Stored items
◇ ◇ ◇ ◇ ◇

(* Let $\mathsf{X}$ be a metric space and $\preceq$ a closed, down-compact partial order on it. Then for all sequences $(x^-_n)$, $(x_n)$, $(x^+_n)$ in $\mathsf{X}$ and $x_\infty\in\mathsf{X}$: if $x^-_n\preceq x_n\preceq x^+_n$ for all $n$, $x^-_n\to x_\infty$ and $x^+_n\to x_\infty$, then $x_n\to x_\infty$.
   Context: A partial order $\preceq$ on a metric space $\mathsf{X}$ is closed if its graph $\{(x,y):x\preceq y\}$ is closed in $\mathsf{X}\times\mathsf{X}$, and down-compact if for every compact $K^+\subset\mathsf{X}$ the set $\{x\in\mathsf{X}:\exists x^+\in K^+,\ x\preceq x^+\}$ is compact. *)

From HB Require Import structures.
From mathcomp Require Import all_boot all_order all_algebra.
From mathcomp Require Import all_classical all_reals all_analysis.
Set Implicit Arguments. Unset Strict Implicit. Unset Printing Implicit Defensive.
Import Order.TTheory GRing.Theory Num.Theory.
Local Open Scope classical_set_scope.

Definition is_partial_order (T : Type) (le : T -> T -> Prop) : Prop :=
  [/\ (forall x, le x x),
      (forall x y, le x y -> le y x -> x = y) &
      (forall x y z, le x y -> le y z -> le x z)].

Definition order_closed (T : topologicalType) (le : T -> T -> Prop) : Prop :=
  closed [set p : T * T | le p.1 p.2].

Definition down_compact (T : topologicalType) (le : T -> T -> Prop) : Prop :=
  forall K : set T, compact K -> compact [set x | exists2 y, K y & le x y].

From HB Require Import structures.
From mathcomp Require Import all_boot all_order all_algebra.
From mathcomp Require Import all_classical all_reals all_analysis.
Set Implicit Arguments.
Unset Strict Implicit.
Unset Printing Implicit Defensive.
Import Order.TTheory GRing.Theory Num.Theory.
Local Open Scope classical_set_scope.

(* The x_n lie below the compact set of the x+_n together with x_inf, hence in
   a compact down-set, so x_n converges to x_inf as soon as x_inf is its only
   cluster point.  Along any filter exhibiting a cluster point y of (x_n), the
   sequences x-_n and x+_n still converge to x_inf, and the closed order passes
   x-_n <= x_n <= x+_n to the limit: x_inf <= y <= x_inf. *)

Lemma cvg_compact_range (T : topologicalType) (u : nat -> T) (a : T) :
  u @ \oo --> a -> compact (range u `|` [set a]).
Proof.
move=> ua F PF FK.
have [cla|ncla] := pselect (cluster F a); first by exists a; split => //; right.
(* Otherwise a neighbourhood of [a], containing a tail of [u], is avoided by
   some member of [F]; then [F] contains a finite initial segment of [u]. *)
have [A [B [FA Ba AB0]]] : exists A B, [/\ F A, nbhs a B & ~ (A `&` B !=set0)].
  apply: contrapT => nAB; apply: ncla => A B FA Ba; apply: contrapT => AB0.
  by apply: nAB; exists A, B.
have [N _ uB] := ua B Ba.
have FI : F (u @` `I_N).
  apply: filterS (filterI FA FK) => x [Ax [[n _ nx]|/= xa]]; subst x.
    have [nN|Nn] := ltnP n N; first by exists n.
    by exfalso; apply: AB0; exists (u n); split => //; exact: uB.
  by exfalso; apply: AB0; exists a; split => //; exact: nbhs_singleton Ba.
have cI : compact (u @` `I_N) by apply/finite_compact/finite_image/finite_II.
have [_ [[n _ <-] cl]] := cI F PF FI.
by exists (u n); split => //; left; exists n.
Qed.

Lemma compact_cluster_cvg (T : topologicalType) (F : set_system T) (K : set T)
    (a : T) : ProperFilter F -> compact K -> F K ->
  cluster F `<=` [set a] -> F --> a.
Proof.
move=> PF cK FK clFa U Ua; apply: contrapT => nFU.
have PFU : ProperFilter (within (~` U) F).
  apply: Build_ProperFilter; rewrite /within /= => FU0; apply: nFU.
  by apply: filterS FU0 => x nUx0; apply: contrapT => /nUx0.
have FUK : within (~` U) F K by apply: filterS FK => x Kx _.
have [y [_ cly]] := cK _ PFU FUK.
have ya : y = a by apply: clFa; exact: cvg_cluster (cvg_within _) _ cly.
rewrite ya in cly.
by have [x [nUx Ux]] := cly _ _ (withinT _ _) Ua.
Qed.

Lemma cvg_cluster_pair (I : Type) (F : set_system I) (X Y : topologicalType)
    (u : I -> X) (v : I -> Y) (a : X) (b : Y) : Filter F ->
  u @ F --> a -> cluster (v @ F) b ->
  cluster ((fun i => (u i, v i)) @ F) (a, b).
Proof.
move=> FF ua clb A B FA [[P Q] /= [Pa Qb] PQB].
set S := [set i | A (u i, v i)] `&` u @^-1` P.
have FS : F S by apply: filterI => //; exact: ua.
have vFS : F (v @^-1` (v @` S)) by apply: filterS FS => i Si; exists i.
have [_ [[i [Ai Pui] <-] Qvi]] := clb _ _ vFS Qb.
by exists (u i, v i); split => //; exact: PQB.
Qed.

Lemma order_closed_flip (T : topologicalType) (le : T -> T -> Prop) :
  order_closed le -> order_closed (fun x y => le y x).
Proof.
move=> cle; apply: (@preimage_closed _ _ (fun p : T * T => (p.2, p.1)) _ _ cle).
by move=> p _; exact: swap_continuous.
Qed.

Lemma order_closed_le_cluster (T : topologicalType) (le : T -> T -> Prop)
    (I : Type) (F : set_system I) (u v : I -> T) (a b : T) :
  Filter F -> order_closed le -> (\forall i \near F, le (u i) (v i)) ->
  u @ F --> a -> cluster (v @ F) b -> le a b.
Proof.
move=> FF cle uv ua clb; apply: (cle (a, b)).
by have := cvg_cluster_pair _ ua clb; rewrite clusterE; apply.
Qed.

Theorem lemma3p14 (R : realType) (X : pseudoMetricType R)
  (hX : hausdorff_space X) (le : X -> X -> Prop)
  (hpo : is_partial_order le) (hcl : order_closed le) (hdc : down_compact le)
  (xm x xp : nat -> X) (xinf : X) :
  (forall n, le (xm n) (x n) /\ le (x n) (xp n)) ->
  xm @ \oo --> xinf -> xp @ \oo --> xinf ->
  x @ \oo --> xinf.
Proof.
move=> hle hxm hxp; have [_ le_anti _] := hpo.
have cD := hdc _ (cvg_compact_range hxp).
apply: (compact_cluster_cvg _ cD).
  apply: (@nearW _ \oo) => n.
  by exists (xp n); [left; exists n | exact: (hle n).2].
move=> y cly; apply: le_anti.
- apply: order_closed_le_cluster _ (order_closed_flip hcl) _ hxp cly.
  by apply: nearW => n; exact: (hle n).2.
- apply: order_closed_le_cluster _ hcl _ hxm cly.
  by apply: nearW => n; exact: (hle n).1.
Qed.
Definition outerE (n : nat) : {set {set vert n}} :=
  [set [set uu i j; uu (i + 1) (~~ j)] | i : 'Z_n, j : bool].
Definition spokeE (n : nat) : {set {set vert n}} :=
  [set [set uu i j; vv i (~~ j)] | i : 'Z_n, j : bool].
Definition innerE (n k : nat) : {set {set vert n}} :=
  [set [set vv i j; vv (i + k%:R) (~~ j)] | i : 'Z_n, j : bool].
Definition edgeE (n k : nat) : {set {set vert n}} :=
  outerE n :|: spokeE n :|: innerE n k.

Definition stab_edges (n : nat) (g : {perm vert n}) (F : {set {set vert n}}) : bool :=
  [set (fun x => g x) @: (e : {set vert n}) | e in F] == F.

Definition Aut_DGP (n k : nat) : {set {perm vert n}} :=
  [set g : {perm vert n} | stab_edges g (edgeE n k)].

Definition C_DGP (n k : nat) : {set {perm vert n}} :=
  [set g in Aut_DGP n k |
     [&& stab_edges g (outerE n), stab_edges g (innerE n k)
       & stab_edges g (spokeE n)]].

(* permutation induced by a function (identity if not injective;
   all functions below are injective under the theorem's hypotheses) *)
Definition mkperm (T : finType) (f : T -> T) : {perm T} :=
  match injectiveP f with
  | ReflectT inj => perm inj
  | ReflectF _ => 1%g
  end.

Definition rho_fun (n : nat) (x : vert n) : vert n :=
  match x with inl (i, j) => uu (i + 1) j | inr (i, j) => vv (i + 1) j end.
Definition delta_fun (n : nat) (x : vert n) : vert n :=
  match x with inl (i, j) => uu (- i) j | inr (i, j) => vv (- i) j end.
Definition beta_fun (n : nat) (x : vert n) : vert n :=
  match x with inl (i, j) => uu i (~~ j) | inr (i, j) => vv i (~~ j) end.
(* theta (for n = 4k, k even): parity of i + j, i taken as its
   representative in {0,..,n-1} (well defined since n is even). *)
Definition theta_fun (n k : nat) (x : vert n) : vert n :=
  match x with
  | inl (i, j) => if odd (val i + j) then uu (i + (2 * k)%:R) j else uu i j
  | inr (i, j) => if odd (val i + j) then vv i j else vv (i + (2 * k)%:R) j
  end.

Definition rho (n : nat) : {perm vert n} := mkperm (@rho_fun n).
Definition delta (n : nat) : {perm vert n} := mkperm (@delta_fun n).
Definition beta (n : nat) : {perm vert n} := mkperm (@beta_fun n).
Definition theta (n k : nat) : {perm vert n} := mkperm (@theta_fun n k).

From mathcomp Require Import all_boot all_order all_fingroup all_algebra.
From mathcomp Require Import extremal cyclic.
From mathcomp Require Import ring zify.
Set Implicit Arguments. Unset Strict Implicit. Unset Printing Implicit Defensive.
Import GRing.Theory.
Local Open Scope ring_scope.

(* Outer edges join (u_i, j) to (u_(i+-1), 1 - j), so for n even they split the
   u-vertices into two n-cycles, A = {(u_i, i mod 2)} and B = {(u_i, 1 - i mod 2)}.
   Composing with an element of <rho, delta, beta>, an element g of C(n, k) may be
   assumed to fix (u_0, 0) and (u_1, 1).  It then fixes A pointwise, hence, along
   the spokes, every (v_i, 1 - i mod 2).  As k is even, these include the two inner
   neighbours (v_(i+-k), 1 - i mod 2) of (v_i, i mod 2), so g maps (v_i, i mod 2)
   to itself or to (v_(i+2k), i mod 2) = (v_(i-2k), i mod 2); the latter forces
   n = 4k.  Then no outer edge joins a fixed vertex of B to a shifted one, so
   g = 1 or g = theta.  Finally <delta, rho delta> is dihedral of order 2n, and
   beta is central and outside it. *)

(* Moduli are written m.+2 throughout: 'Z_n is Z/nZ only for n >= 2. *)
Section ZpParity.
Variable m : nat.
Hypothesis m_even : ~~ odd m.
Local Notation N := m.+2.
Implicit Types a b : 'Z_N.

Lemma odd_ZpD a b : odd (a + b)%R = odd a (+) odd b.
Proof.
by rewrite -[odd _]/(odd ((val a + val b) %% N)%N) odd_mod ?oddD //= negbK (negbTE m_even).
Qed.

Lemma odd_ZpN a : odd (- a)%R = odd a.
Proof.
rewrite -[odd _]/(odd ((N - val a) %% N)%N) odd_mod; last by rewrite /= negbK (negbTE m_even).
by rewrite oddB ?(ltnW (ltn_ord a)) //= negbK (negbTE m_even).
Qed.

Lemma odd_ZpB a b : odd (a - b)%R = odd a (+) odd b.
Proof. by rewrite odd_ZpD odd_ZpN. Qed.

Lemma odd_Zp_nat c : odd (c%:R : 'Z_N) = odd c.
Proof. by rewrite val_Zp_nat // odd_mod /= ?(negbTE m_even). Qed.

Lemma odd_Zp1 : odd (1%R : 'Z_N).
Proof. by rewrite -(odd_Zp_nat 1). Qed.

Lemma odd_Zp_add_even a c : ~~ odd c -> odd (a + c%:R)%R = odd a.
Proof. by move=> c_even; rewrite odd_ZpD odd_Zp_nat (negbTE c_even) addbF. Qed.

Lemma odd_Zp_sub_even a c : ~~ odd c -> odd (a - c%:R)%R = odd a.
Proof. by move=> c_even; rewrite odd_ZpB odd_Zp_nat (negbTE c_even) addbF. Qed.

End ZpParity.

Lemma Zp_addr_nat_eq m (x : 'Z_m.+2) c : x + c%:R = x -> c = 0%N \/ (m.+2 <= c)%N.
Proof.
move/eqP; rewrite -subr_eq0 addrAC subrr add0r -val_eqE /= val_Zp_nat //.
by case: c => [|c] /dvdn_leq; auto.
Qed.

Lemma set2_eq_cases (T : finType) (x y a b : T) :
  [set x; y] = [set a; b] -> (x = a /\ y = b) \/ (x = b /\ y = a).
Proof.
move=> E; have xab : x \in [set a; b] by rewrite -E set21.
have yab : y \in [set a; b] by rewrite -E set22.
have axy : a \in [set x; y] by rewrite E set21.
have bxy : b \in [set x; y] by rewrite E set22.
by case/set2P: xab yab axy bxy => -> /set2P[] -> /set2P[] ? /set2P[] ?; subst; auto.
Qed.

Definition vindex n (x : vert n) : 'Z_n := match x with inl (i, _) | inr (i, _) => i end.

◇ ◇ ◇ ◇ ◇

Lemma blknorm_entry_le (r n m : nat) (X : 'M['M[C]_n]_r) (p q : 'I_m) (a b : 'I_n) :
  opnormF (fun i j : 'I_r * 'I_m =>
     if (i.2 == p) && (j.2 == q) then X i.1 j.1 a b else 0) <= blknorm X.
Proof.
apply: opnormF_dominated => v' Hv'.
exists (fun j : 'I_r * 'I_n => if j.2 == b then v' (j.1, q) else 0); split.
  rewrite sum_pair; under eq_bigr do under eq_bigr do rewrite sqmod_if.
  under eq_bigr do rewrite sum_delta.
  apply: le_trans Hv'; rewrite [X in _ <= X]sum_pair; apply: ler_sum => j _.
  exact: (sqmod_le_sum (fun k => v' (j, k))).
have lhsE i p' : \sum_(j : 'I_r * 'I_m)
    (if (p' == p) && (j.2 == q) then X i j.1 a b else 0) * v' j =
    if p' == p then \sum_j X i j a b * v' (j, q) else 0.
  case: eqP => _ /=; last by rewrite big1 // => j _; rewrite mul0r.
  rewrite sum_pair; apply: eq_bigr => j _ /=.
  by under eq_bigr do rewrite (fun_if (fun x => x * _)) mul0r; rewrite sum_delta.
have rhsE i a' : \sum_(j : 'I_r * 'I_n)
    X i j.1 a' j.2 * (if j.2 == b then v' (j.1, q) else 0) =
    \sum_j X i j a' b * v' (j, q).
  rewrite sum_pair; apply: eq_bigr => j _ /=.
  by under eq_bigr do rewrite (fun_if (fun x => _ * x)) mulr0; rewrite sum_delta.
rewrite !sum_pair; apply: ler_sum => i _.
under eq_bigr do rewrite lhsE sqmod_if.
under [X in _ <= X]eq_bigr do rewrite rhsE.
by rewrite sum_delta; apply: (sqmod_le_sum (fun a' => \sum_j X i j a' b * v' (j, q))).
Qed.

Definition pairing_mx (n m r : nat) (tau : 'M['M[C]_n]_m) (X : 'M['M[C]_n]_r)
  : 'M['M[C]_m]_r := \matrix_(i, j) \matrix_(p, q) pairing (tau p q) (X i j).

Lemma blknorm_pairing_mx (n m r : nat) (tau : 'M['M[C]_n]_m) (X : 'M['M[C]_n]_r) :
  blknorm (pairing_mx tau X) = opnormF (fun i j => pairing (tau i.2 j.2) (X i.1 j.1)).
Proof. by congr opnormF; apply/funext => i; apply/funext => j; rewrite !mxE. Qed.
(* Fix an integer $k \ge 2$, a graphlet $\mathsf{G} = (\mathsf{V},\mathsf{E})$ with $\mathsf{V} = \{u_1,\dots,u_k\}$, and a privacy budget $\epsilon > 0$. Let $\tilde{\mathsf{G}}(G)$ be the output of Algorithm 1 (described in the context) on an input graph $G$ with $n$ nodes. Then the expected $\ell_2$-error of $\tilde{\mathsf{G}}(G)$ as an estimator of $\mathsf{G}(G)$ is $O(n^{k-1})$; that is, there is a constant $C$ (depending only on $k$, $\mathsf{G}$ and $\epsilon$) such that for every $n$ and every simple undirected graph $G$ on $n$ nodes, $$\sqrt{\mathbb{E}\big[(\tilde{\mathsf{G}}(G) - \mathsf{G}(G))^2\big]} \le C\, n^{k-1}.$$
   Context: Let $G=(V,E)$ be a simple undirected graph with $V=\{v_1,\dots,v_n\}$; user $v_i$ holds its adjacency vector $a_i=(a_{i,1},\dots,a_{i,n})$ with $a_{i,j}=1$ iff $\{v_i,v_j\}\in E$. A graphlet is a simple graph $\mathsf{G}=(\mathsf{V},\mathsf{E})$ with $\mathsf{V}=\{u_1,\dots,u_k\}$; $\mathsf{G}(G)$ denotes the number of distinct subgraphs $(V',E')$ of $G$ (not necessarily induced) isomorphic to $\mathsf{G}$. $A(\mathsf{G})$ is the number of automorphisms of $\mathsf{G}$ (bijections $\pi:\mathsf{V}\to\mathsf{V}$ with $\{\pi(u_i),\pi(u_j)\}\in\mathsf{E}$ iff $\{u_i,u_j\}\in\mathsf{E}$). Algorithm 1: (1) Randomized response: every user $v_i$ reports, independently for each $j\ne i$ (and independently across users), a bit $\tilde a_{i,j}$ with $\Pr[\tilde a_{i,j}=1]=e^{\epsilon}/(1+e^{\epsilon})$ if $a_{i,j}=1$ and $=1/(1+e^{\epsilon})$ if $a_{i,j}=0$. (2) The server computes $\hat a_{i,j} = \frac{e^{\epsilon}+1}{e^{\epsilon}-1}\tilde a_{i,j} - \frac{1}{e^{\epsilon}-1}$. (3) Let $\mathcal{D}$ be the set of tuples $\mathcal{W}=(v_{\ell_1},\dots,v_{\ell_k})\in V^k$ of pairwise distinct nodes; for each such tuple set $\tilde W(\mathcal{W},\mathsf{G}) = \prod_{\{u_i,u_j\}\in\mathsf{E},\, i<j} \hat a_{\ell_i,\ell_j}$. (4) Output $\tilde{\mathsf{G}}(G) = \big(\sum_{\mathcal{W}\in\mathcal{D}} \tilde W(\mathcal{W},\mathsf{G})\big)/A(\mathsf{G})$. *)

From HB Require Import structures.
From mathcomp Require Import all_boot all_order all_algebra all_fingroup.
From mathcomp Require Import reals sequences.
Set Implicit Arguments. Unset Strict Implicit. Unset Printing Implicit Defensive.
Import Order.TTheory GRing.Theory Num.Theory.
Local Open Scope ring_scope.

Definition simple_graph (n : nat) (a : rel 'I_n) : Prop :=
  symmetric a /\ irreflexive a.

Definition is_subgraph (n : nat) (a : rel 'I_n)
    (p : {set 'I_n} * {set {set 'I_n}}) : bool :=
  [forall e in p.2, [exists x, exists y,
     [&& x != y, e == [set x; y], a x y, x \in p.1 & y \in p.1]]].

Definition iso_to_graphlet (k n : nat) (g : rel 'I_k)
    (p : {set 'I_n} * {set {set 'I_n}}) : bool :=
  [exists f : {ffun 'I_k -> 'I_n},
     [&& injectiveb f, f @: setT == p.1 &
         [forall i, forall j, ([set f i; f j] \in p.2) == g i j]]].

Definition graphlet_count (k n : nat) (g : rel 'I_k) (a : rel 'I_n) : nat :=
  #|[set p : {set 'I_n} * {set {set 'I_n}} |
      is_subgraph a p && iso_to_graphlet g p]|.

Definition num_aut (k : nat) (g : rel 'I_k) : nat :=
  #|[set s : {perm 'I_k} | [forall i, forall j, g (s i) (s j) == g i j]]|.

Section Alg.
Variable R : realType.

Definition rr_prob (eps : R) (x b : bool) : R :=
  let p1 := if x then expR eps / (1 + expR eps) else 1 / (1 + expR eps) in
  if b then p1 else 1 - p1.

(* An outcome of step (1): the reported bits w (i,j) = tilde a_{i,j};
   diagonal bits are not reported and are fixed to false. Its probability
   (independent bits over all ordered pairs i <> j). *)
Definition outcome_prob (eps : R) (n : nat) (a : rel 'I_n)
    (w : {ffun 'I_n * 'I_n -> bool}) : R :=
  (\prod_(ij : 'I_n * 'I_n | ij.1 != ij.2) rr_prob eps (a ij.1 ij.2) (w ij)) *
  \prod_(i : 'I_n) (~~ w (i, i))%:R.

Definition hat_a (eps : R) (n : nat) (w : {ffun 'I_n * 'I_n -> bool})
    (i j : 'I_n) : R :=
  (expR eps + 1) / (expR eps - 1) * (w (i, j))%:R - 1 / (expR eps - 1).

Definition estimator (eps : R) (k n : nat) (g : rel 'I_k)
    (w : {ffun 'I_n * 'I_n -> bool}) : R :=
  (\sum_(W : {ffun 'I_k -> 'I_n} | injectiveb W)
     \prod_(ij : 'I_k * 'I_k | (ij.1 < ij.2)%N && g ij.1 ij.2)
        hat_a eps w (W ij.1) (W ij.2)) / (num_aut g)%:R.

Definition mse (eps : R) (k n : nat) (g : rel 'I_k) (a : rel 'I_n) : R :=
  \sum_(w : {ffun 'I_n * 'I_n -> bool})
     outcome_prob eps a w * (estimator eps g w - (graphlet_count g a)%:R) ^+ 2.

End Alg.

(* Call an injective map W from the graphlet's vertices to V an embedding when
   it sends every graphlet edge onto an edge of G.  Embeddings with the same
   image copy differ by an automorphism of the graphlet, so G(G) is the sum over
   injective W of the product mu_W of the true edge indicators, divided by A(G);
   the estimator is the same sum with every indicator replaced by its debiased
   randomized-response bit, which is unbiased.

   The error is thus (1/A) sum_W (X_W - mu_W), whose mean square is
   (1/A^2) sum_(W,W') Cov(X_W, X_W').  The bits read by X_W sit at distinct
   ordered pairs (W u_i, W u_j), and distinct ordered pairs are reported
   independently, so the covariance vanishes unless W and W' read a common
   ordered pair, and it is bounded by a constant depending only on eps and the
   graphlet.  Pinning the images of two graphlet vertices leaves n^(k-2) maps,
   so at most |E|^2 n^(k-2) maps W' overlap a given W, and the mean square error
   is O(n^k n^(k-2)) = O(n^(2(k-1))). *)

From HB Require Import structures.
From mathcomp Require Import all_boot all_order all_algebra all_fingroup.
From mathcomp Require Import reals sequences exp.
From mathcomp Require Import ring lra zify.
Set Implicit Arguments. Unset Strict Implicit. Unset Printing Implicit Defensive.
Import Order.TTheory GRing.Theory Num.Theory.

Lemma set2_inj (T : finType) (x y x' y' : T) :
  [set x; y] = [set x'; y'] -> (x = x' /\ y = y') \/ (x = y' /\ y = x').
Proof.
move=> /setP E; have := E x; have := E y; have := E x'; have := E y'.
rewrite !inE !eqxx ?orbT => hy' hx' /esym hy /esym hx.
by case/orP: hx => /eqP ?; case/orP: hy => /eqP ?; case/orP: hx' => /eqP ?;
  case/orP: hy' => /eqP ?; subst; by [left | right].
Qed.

◇ ◇ ◇ ◇ ◇

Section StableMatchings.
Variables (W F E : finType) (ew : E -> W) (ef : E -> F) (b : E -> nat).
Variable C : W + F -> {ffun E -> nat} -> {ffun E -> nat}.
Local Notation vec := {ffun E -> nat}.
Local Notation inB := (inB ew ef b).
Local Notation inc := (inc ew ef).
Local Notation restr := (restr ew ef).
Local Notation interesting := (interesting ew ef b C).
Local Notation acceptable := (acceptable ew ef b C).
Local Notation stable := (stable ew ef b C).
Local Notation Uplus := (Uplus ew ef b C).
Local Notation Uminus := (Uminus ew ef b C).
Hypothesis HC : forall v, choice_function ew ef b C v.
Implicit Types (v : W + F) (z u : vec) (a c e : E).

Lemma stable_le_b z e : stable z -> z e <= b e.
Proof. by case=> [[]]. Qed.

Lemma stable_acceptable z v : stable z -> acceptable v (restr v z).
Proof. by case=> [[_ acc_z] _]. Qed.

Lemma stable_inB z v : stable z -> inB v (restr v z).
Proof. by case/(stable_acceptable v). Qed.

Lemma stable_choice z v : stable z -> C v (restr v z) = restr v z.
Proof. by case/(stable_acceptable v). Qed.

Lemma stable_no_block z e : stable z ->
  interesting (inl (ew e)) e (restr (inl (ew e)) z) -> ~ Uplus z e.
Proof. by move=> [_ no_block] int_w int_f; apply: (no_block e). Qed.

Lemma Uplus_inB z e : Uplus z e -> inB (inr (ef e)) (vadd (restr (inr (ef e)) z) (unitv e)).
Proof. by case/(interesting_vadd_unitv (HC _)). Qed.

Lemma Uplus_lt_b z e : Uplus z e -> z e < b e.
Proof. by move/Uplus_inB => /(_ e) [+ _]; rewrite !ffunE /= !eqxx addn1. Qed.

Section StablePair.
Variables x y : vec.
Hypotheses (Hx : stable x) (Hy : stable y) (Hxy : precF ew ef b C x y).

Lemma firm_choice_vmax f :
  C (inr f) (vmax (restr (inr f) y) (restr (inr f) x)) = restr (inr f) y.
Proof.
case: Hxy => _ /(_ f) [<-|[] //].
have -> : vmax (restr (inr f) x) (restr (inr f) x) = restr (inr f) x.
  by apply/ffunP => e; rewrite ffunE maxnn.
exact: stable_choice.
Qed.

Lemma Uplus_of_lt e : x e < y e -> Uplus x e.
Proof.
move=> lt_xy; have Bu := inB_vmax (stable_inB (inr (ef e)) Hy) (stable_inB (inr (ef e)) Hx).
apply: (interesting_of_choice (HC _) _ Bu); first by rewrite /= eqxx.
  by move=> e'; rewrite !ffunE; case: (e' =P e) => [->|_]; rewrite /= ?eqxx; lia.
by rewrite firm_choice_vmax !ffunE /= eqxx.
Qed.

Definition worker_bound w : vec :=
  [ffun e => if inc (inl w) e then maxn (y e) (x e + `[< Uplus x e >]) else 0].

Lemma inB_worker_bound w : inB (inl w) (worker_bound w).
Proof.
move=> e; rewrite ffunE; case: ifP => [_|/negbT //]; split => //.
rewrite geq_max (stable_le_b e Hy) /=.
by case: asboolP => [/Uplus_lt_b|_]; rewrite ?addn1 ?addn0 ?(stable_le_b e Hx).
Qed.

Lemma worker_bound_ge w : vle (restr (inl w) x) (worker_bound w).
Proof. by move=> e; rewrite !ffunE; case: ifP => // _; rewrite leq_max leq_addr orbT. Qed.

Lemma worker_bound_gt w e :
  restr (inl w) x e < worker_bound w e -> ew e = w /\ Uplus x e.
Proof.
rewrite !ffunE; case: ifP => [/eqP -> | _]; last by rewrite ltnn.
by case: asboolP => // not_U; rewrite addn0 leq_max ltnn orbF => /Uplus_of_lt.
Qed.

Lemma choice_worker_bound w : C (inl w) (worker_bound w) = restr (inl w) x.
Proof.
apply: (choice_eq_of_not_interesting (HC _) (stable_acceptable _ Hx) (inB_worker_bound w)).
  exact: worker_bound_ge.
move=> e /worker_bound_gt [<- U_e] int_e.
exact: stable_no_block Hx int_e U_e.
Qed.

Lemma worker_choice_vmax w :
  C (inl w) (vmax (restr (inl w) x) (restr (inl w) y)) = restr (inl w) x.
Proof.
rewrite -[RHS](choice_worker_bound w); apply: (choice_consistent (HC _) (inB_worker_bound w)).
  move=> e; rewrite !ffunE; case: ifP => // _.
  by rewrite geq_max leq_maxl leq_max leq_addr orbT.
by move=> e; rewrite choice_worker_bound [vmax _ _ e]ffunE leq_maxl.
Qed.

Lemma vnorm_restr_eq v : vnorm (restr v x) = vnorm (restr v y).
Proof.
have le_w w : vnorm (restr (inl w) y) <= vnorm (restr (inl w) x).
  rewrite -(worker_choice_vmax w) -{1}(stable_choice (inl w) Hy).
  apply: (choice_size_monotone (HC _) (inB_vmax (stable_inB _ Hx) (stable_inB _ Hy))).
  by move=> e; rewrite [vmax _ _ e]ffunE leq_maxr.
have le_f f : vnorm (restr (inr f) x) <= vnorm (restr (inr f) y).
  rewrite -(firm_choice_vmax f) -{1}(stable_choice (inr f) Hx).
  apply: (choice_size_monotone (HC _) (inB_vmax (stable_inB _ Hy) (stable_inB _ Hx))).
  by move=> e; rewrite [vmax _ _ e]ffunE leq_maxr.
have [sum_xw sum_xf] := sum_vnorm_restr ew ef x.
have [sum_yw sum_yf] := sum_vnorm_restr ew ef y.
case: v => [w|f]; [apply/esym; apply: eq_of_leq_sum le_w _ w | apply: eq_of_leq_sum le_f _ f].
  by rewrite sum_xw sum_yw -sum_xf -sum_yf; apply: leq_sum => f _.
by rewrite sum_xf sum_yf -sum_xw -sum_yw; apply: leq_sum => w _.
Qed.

◇ ◇ ◇ ◇ ◇

## EXERCISE
Give the number of lines in the records that contain the string "ltnn", and nothing besides.

## RESULT OF THE TASK
2